TASK STATEMENT:
Will you quote precisely the lines that run from the top of the material below to the line containing "intros s [_", both ends included?

[RECORDS SUPPLIED Boundary: Start]

Lemma continuity_pt_open_interval (f : R -> R) (lo hi t : R) :
  continuity_pt f t -> lo < f t < hi ->
  exists del, 0 < del /\ forall u, Rabs (u - t) < del -> lo < f u < hi.
Proof.
  intros Hc Hft.
  destruct (continuity_pt_ball f t (Rmin (f t - lo) (hi - f t)) Hc) as [del [Hdel Hball]].
  { apply Rmin_pos; lra. }
  exists del; split; [exact Hdel|]; intros u Hu.
  specialize (Hball u Hu); apply Rabs_def2 in Hball.
  pose proof (Rmin_l (f t - lo) (hi - f t)); pose proof (Rmin_r (f t - lo) (hi - f t)).
  lra.
Qed.

Lemma real_induction (P : R -> Prop) :
  (forall t, 0 <= t -> (forall u, 0 <= u < t -> P u) -> P t) ->
  (forall t, 0 <= t -> P t -> exists del, 0 < del /\ forall u, t <= u < t + del -> P u) ->
  forall t, 0 <= t -> P t.
Proof.
  intros Hstep Hfwd t1 Ht1.
  apply NNPP; intros HPt1.
  set (E := fun s => 0 <= s <= t1 /\ forall u, 0 <= u <= s -> P u).
  assert (HP0 : P 0) by (apply Hstep; [lra | intros u Hu; lra]).
  assert (HE0 : E 0).
  { split; [lra|]; intros u Hu; replace u with 0 by lra; exact HP0. }
  assert (HEb : bound E) by (exists t1; intros s [Hs _]; lra).
  destruct (completeness E HEb (ex_intro _ 0 HE0)) as [m [Hub Hlub]].
  assert (Hm0 : 0 <= m) by (apply Hub, HE0).
  assert (Hmt1 : m <= t1) by (apply Hlub; intros s [Hs _]; lra).
  (* Every u < m with P u false would be an upper bound of E below m. *)
  assert (Hbelow : forall u, 0 <= u < m -> P u).
  { intros u Hu; apply NNPP; intros HPu.
    assert (Hubu : is_upper_bound E u).
    { intros s [_ Hs]; apply Rnot_lt_le; intros Hus; apply HPu, Hs; lra. }
    specialize (Hlub u Hubu); lra. }
  assert (HPm : P m) by (apply Hstep; auto).
  assert (Hmlt : m < t1).
  { destruct (Req_dec m t1) as [<-|]; [contradiction | lra]. }
  destruct (Hfwd m Hm0 HPm) as [del [Hdel Hnext]].
  set (s := Rmin (m + del / 2) t1).
  assert (Hs : m < s <= t1 /\ s < m + del).
  { unfold s, Rmin; destruct Rle_dec; lra. }
  assert (HEs : E s).
  { split; [lra|]; intros u Hu.
    destruct (Rlt_le_dec u m); [apply Hbelow | apply Hnext]; lra. }
  specialize (Hub s HEs); lra.
Qed.

Lemma increment_ge_of_deriv_ge (w w' : R -> R) (m s t : R) :
  s <= t ->
  (forall c, s <= c <= t -> derivable_pt_lim w c (w' c)) ->
  (forall c, s <= c <= t -> m <= w' c) ->
  w s + m * (t - s) <= w t.
Proof.
  intros Hst Hd Hm.
  destruct (Req_dec s t) as [<-|Hne].
  - replace (s - s) with 0 by ring; lra.
  - destruct (MVT_cor2 w w' s t ltac:(lra) Hd) as [c [Heq Hc]].
    specialize (Hm c ltac:(lra)); nra.
Qed.

Lemma increment_le_of_deriv_le (w w' : R -> R) (M s t : R) :
  s <= t ->
  (forall c, s <= c <= t -> derivable_pt_lim w c (w' c)) ->
  (forall c, s <= c <= t -> w' c <= M) ->
  w t <= w s + M * (t - s).
Proof.
  intros Hst Hd HM.
  pose proof (increment_ge_of_deriv_ge (fun u => - w u) (fun u => - w' u) (- M) s t Hst
    (fun c Hc => derivable_pt_lim_opp w c (w' c) (Hd c Hc))
    (fun c Hc => Ropp_le_contravar _ _ (HM c Hc))).
  lra.
Qed.

(* Gronwall: [u t * exp (K t)] is nondecreasing. *)
Lemma pos_of_deriv_ge_neg_mul (u u' : R -> R) (K T : R) :
  0 <= T ->
  (forall t, 0 <= t <= T -> derivable_pt_lim u t (u' t)) ->
  (forall t, 0 <= t <= T -> - K * u t <= u' t) ->
  0 < u 0 -> 0 < u T.
Proof.
  intros HT Hd Hge Hu0.
  assert (Hdexp : forall t, derivable_pt_lim (fun s => exp (K * s)) t (exp (K * t) * K)).
  { intros t.
    apply (derivable_pt_lim_comp (fun s => K * s) exp).
    - pose proof (derivable_pt_lim_scal id K t 1 (derivable_pt_lim_id t)) as Hlin.
      rewrite Rmult_1_r in Hlin; exact Hlin.
    - apply derivable_pt_lim_exp. }
  assert (Hmono := increment_ge_of_deriv_ge (fun t => u t * exp (K * t))
    (fun t => u' t * exp (K * t) + u t * (exp (K * t) * K)) 0 0 T HT
    (fun t Ht => derivable_pt_lim_mult u (fun s => exp (K * s)) t _ _ (Hd t Ht) (Hdexp t))).
  simpl in Hmono; rewrite Rmult_0_r, exp_0 in Hmono.
  pose proof (exp_pos (K * T)).
  enough (0 < u T * exp (K * T)) by nra.
  enough (u 0 <= u T * exp (K * T)) by lra.
  replace (u 0) with (u 0 * 1 + 0 * (T - 0)) by ring.
  apply Hmono; intros c Hc.
  specialize (Hge c Hc); pose proof (exp_pos (K * c)); nra.
Qed.

Lemma logistic_mirror (z : R -> R) (Phi t : R) :
  derivable_pt_lim z t (z t * (1 - z t) * Phi) ->
  derivable_pt_lim (fun s => 1 - z s) t ((1 - z t) * (1 - (1 - z t)) * - Phi).
Proof.
  intros Hd.
  replace ((1 - z t) * (1 - (1 - z t)) * - Phi) with (0 - z t * (1 - z t) * Phi) by ring.
  exact (derivable_pt_lim_minus (fct_cte 1) z t _ _ (derivable_pt_lim_const 1 t) Hd).
Qed.

Lemma logistic_pos (z Phi : R -> R) (K T : R) :
  0 <= K -> 0 <= T ->
  (forall t, 0 <= t <= T -> derivable_pt_lim z t (z t * (1 - z t) * Phi t)) ->
  (forall t, 0 <= t <= T -> 0 <= z t <= 1 /\ - K <= Phi t) ->
  0 < z 0 -> 0 < z T.
Proof.
  intros HK HT Hd Hbd Hz0.
  apply (pos_of_deriv_ge_neg_mul z (fun t => z t * (1 - z t) * Phi t) K T HT Hd); auto.
  intros t Ht; destruct (Hbd t Ht) as [Hz HPhi].
  assert (0 <= z t * (1 - z t) <= z t) by nra.
  nra.
Qed.

Lemma logistic_in_open_unit (z Phi : R -> R) (K T : R) :
  0 <= K -> 0 <= T ->
  (forall t, 0 <= t <= T -> derivable_pt_lim z t (z t * (1 - z t) * Phi t)) ->
  (forall t, 0 <= t <= T -> 0 <= z t <= 1 /\ - K <= Phi t <= K) ->
  0 < z 0 < 1 -> 0 < z T < 1.
Proof.
  intros HK HT Hd Hbd Hz0.
  split.
  - apply (logistic_pos z Phi K T); auto; [|lra].
    intros t Ht; destruct (Hbd t Ht); split; [|lra]; auto.
  - enough (0 < 1 - z T) by lra.
    apply (logistic_pos (fun s => 1 - z s) (fun s => - Phi s) K T); auto; [| |lra].
    + intros t Ht; apply logistic_mirror, Hd, Ht.
    + intros t Ht; destruct (Hbd t Ht); lra.
Qed.

Lemma closed_unit_of_open_before (z z' : R -> R) (t : R) :
  (forall s, 0 <= s -> derivable_pt_lim z s (z' s)) -> 0 < t ->
  (forall v, 0 <= v < t -> 0 < z v < 1) -> forall u, 0 <= u <= t -> 0 <= z u <= 1.
Proof.
  intros Hz Ht Hbefore u Hu.
  destruct (Rlt_le_dec u t) as [Hlt|Hge].
  - specialize (Hbefore u ltac:(lra)); lra.
  - replace u with t by lra.
    apply continuity_pt_bounds_of_left; [| exact Ht |].
    + eapply derivable_pt_lim_continuity_pt, Hz; lra.
    + intros v Hv; specialize (Hbefore v Hv); lra.
Qed.

Lemma open_unit_persists (z : R -> R) (l t : R) :
  derivable_pt_lim z t l -> 0 < z t < 1 ->
  exists del, 0 < del /\ forall u, t <= u < t + del -> 0 < z u < 1.
Proof.
  intros Hz Hzt.
  destruct (continuity_pt_open_interval z 0 1 t (derivable_pt_lim_continuity_pt _ _ _ Hz) Hzt)
    as [del [Hdel Hball]].
  exists del; split; [exact Hdel|]; intros u Hu.
  apply Hball; rewrite Rabs_right; lra.
Qed.

Lemma replicator_interior_invariant (x y r Fx Fy Fr : R -> R) (K : R) :
  0 <= K ->
  (forall t, 0 <= t -> derivable_pt_lim x t (x t * (1 - x t) * Fx t)) ->
  (forall t, 0 <= t -> derivable_pt_lim y t (y t * (1 - y t) * Fy t)) ->
  (forall t, 0 <= t -> derivable_pt_lim r t (r t * (1 - r t) * Fr t)) ->
  (forall t, 0 <= t -> 0 <= x t <= 1 -> 0 <= y t <= 1 -> 0 <= r t <= 1 ->
     - K <= Fx t <= K /\ - K <= Fy t <= K /\ - K <= Fr t <= K) ->
  0 < x 0 < 1 -> 0 < y 0 < 1 -> 0 < r 0 < 1 ->
  forall t, 0 <= t -> 0 < x t < 1 /\ 0 < y t < 1 /\ 0 < r t < 1.
Proof.
  intros HK Hx Hy Hr Hbd Hx0 Hy0 Hr0.
  apply real_induction.
  - intros t Ht Hbefore.
    destruct (Req_dec t 0) as [->|Ht0]; [auto|].
    assert (Hcube : forall u, 0 <= u <= t ->
      0 <= x u <= 1 /\ 0 <= y u <= 1 /\ 0 <= r u <= 1).
    { intros u Hu; split; [|split];
        [ apply (closed_unit_of_open_before x _ t Hx)
        | apply (closed_unit_of_open_before y _ t Hy)
        | apply (closed_unit_of_open_before r _ t Hr) ]; auto; try lra;
        intros v Hv; apply Hbefore, Hv. }
    assert (HF : forall u, 0 <= u <= t ->
      - K <= Fx u <= K /\ - K <= Fy u <= K /\ - K <= Fr u <= K).
    { intros u Hu; destruct (Hcube u Hu) as [? [? ?]]; apply Hbd; auto; lra. }
    split; [|split].
    + apply (logistic_in_open_unit x Fx K t); auto.
      * intros u Hu; apply Hx; lra.
      * intros u Hu; split; [apply Hcube | apply HF]; auto.
    + apply (logistic_in_open_unit y Fy K t); auto.
      * intros u Hu; apply Hy; lra.
      * intros u Hu; split; [apply Hcube | apply HF]; auto.
    + apply (logistic_in_open_unit r Fr K t); auto.
      * intros u Hu; apply Hr; lra.
      * intros u Hu; split; [apply Hcube | apply HF]; auto.
  - intros t Ht [Hxt [Hyt Hrt]].
    destruct (open_unit_persists x _ t (Hx t Ht) Hxt) as [d1 [Hd1 G1]].
    destruct (open_unit_persists y _ t (Hy t Ht) Hyt) as [d2 [Hd2 G2]].
    destruct (open_unit_persists r _ t (Hr t Ht) Hrt) as [d3 [Hd3 G3]].
    exists (Rmin d1 (Rmin d2 d3)); split; [repeat apply Rmin_pos; auto|].
    intros u Hu.
    pose proof (Rmin_l d1 (Rmin d2 d3)); pose proof (Rmin_r d1 (Rmin d2 d3)).
    pose proof (Rmin_l d2 d3); pose proof (Rmin_r d2 d3).
    split; [apply G1 | split; [apply G2 | apply G3]]; lra.
Qed.
Lemma card_set_if (T : finType) (A : {set T}) (b1 b2 : bool) :
  #|[set x | if x \in A then b1 else b2]| = (#|A| * b1 + #|~: A| * b2)%N.
Proof.
rewrite -(cardsID A); congr (_ + _)%N.
  rewrite (_ : _ :&: A = if b1 then A else set0); last first.
    by apply/setP => x; case: b1; rewrite ?inE; case: (_ \in _) => //=; rewrite andbF.
  by case: b1; rewrite ?cards0 ?muln1 ?muln0.
rewrite (_ : _ :\: A = if b2 then ~: A else set0); last first.
  by apply/setP => x; case: b2; rewrite ?inE; case: (_ \in _) => //=.
by case: b2; rewrite ?cards0 ?muln1 ?muln0.
Qed.

Lemma fallqS q r : fallq q r.+1 = fallq q r * ('X - (q ^ r)%:R%:P).
Proof. by rewrite /fallq big_ord_recr. Qed.

Definition RM_wt_poly (q k w : nat) : {poly int} :=
  \sum_(r < k.+1) fallq q r * (qbinom q k r)%:R%:P *
    ((q ^ r)%:R%:P *+ (w == q ^ k - q ^ (k - r))%N
     + ('X - (q ^ r)%:R%:P) *+ (w == q ^ k)%N).

Lemma qbinomn0 q a : qbinom q a 0 = 1%N.
Proof. by case: a. Qed.

Section ConsRow.
Variable R : pzRingType.

Definition cons_row k (x : R) (a : 'rV[R]_k) : 'rV[R]_(1 + k) := row_mx x%:M a.

Lemma cons_row0 k x (a : 'rV[R]_k) : cons_row x a 0 0 = x.
Proof.
rewrite (_ : (0 : 'I_(1 + k)) = lshift k (0 : 'I_1)); last exact: val_inj.
by rewrite row_mxEl mxE eqxx mulr1n.
Qed.

Lemma cons_row_sub k (a : 'rV[R]_(1 + k)) : cons_row (lsubmx a 0 0) (rsubmx a) = a.
Proof. by rewrite /cons_row -mx11_scalar hsubmxK. Qed.

End ConsRow.

Section RMExtensionCount.
Variables (F L : finFieldType) (f : {rmorphism F -> L}).
Local Notation q := #|F|.

Definition lform k (a : 'rV[L]_k) (v : 'rV[F]_k) : L := \sum_i a 0 i * f (v 0 i).

Fact lform_is_zmod_morphism k (a : 'rV[L]_k) : zmod_morphism (lform a).
Proof.
by move=> u v; rewrite /lform -sumrB; apply: eq_bigr => i _; rewrite !mxE rmorphB mulrBr.
Qed.

HB.instance Definition _ k (a : 'rV[L]_k) :=
  GRing.isZmodMorphism.Build _ _ (lform a) (lform_is_zmod_morphism a).

Lemma lformZ k (a : 'rV[L]_k) c v : lform a (c *: v) = f c * lform a v.
Proof.
by rewrite /lform mulr_sumr; apply: eq_bigr => i _; rewrite mxE rmorphM mulrCA.
Qed.

Lemma lform_delta k (a : 'rV[L]_k) i : lform a (delta_mx 0 i) = a 0 i.
Proof.
rewrite /lform (bigD1 i) //= big1 => [|j /negbTE neq_ji].
  by rewrite mxE !eqxx rmorph1 mulr1 addr0.
by rewrite mxE neq_ji andbF rmorph0 mulr0.
Qed.

Definition lrange k (a : 'rV[L]_k) : {set L} := [set lform a v | v : 'rV[F]_k].

Section Range.
Variables (k : nat) (a : 'rV[L]_k).

Lemma lrangeN x : x \in lrange a -> - x \in lrange a.
Proof. by case/imsetP=> v _ ->; rewrite -raddfN imset_f. Qed.

Lemma lrangeD x y : x \in lrange a -> y \in lrange a -> x + y \in lrange a.
Proof. by case/imsetP=> u _ -> /imsetP[v _ ->]; rewrite -raddfD imset_f. Qed.

Lemma lrangeZ c x : x \in lrange a -> f c * x \in lrange a.
Proof. by case/imsetP=> v _ ->; rewrite -lformZ imset_f. Qed.

End Range.

Lemma card_cons_row k (P : pred 'rV[L]_(1 + k)) :
  #|[set a | P a]| = (\sum_(a : 'rV[L]_k) #|[set x | P (cons_row x a)]|)%N.
Proof.
rewrite -sum1_card (reindex (fun xa : 'rV[L]_k * L => cons_row xa.2 xa.1)) /=.
  rewrite -(pair_big_dep xpredT (fun a x => cons_row x a \in [set a | P a])
                                   (fun _ _ => 1%N)) /=.
  apply: eq_bigr => a _.
  by rewrite -sum1_card; apply: eq_bigl => x; rewrite !inE.
exists (fun a => (rsubmx a, lsubmx a 0 0)) => [[a x] _ | a _] /=.
  by rewrite /cons_row row_mxKl row_mxKr mxE eqxx mulr1n.
exact: cons_row_sub.
Qed.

[RECORDS SUPPLIED Boundary: End]

SOLUTION TO THIS TASK:
Lemma continuity_pt_open_interval (f : R -> R) (lo hi t : R) :
  continuity_pt f t -> lo < f t < hi ->
  exists del, 0 < del /\ forall u, Rabs (u - t) < del -> lo < f u < hi.
Proof.
  intros Hc Hft.
  destruct (continuity_pt_ball f t (Rmin (f t - lo) (hi - f t)) Hc) as [del [Hdel Hball]].
  { apply Rmin_pos; lra. }
  exists del; split; [exact Hdel|]; intros u Hu.
  specialize (Hball u Hu); apply Rabs_def2 in Hball.
  pose proof (Rmin_l (f t - lo) (hi - f t)); pose proof (Rmin_r (f t - lo) (hi - f t)).
  lra.
Qed.

Lemma real_induction (P : R -> Prop) :
  (forall t, 0 <= t -> (forall u, 0 <= u < t -> P u) -> P t) ->
  (forall t, 0 <= t -> P t -> exists del, 0 < del /\ forall u, t <= u < t + del -> P u) ->
  forall t, 0 <= t -> P t.
Proof.
  intros Hstep Hfwd t1 Ht1.
  apply NNPP; intros HPt1.
  set (E := fun s => 0 <= s <= t1 /\ forall u, 0 <= u <= s -> P u).
  assert (HP0 : P 0) by (apply Hstep; [lra | intros u Hu; lra]).
  assert (HE0 : E 0).
  { split; [lra|]; intros u Hu; replace u with 0 by lra; exact HP0. }
  assert (HEb : bound E) by (exists t1; intros s [Hs _]; lra).
  destruct (completeness E HEb (ex_intro _ 0 HE0)) as [m [Hub Hlub]].
  assert (Hm0 : 0 <= m) by (apply Hub, HE0).
  assert (Hmt1 : m <= t1) by (apply Hlub; intros s [Hs _]; lra).
  (* Every u < m with P u false would be an upper bound of E below m. *)
  assert (Hbelow : forall u, 0 <= u < m -> P u).
  { intros u Hu; apply NNPP; intros HPu.
    assert (Hubu : is_upper_bound E u).
    { intros s [_ Hs]; apply Rnot_lt_le; intros Hus; apply HPu, Hs; lra. }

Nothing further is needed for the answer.